◆ TASK TO COMPLETE: Given the listing below, write out exactly the lines starting with the line that has "under eq_bigr => z' _ do rewrite" and going on through the line that has "Definition gauss_dual (s", both kept.

◆ INPUT:
• • • •
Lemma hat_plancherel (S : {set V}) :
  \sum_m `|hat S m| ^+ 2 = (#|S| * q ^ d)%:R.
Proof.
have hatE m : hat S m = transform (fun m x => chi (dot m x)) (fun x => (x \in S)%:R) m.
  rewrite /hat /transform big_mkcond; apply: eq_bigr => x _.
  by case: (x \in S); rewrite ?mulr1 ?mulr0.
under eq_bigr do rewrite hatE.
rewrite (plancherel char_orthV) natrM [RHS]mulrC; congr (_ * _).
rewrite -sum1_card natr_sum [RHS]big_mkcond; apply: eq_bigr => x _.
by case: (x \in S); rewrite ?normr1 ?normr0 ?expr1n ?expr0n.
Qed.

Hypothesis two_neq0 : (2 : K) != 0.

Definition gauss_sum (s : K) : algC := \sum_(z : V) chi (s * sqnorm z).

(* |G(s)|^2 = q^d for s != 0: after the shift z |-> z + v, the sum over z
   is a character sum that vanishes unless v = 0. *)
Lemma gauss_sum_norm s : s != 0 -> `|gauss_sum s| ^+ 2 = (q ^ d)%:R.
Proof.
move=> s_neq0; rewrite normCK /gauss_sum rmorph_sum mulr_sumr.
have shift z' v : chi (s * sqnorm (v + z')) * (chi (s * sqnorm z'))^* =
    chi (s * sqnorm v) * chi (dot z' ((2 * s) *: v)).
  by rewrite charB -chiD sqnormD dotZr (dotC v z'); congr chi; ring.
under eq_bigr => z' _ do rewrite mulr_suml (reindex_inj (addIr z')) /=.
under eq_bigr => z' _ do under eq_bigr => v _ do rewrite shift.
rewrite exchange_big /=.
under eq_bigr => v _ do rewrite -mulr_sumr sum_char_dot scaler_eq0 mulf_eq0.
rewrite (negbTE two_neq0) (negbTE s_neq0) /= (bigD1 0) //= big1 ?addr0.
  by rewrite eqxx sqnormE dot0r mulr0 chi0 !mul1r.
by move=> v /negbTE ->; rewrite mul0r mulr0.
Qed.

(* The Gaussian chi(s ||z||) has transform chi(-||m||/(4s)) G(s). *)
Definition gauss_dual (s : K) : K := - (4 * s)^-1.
• • • •
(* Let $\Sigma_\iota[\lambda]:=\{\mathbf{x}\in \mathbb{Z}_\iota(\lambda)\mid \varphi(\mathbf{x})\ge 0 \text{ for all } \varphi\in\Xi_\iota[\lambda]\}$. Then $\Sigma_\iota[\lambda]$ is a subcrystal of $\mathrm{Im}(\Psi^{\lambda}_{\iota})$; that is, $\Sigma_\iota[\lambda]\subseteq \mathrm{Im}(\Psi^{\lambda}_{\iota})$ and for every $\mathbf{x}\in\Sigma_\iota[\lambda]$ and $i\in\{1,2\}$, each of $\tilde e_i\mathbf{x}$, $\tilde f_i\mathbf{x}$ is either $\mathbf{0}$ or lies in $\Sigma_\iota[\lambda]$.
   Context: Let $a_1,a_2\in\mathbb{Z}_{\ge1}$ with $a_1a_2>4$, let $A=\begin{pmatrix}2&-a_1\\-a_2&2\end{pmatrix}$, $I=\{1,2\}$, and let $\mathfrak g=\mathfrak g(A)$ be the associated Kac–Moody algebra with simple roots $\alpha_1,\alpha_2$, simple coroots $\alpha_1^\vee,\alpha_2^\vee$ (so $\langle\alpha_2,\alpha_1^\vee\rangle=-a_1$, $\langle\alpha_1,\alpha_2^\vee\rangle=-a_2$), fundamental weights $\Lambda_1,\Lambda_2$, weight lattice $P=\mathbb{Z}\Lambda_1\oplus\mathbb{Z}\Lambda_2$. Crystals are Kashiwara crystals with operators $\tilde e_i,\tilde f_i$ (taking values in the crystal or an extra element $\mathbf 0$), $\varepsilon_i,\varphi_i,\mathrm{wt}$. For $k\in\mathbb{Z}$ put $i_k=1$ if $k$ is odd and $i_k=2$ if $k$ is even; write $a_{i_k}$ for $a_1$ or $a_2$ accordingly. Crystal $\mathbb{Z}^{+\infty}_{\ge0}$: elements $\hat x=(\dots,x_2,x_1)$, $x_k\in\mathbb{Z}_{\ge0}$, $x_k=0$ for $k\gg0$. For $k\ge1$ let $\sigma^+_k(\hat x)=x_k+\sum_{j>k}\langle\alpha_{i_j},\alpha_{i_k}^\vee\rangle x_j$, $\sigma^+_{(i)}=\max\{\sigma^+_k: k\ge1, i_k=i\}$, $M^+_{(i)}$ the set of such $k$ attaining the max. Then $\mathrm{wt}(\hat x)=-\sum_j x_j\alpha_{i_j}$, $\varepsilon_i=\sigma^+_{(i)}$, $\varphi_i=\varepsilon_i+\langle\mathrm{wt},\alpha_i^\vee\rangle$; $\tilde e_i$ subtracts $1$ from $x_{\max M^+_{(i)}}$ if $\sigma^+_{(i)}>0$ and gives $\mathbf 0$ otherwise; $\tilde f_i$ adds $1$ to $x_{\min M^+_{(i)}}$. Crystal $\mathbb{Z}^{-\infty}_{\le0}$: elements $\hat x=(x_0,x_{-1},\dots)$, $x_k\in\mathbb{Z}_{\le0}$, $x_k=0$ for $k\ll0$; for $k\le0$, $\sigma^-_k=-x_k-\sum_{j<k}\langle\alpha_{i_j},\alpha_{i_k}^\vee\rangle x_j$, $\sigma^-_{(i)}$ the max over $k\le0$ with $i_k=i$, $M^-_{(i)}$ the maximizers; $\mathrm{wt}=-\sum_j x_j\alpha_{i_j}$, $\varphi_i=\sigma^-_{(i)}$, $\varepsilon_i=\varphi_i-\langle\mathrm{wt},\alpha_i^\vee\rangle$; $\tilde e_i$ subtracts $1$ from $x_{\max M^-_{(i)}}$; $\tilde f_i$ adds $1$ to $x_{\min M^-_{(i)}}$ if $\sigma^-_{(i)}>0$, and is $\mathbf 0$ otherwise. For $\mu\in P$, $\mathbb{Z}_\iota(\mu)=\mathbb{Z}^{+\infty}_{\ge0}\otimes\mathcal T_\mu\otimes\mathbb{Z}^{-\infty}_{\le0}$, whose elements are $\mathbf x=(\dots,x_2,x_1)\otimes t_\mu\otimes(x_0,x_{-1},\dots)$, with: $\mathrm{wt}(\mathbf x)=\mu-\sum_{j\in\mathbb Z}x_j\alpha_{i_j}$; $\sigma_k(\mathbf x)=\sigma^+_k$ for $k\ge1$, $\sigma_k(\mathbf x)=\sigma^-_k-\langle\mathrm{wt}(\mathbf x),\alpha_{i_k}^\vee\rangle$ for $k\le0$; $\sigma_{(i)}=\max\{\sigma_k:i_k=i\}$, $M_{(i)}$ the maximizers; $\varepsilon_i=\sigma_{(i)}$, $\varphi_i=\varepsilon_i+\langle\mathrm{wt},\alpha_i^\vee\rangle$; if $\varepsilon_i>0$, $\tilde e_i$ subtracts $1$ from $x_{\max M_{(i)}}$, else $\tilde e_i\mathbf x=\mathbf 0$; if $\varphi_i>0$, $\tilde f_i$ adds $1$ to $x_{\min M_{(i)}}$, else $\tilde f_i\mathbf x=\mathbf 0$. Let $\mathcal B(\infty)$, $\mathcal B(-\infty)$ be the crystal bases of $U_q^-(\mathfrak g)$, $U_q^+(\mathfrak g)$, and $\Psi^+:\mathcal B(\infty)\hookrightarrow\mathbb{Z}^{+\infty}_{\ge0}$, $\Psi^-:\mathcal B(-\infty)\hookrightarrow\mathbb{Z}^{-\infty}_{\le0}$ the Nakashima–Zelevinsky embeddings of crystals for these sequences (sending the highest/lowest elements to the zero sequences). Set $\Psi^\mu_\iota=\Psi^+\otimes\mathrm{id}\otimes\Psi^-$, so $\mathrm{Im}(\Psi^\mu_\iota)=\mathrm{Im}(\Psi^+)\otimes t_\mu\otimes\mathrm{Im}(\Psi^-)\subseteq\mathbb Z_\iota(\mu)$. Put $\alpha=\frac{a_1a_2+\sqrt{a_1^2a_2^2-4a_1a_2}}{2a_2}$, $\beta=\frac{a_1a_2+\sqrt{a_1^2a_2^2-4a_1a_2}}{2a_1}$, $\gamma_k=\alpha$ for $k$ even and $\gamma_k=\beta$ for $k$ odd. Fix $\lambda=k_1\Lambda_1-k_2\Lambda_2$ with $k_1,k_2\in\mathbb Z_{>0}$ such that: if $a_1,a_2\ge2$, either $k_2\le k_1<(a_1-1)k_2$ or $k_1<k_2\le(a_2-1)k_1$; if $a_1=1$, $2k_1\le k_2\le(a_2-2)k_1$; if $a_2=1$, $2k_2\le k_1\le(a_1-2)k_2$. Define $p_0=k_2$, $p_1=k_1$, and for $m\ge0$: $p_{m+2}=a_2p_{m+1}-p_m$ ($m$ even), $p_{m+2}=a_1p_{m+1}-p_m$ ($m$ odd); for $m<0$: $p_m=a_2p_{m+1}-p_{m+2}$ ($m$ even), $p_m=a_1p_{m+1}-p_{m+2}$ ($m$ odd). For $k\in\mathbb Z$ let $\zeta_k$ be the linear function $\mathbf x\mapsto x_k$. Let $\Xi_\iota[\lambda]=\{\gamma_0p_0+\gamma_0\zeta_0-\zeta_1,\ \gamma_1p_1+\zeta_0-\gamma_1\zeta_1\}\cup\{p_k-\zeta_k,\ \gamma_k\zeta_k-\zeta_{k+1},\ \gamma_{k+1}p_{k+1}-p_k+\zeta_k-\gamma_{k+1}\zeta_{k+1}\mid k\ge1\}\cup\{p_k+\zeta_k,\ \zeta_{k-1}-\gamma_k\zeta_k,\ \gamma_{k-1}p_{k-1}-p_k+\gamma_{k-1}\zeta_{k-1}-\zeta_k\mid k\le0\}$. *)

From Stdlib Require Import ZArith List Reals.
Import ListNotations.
• • • •
◆ FINAL ANSWER:
under eq_bigr => z' _ do rewrite mulr_suml (reindex_inj (addIr z')) /=.
under eq_bigr => z' _ do under eq_bigr => v _ do rewrite shift.
rewrite exchange_big /=.
under eq_bigr => v _ do rewrite -mulr_sumr sum_char_dot scaler_eq0 mulf_eq0.
rewrite (negbTE two_neq0) (negbTE s_neq0) /= (bigD1 0) //= big1 ?addr0.
  by rewrite eqxx sqnormE dot0r mulr0 chi0 !mul1r.
by move=> v /negbTE ->; rewrite mul0r mulr0.
Qed.

(* The Gaussian chi(s ||z||) has transform chi(-||m||/(4s)) G(s). *)
Definition gauss_dual (s : K) : K := - (4 * s)^-1.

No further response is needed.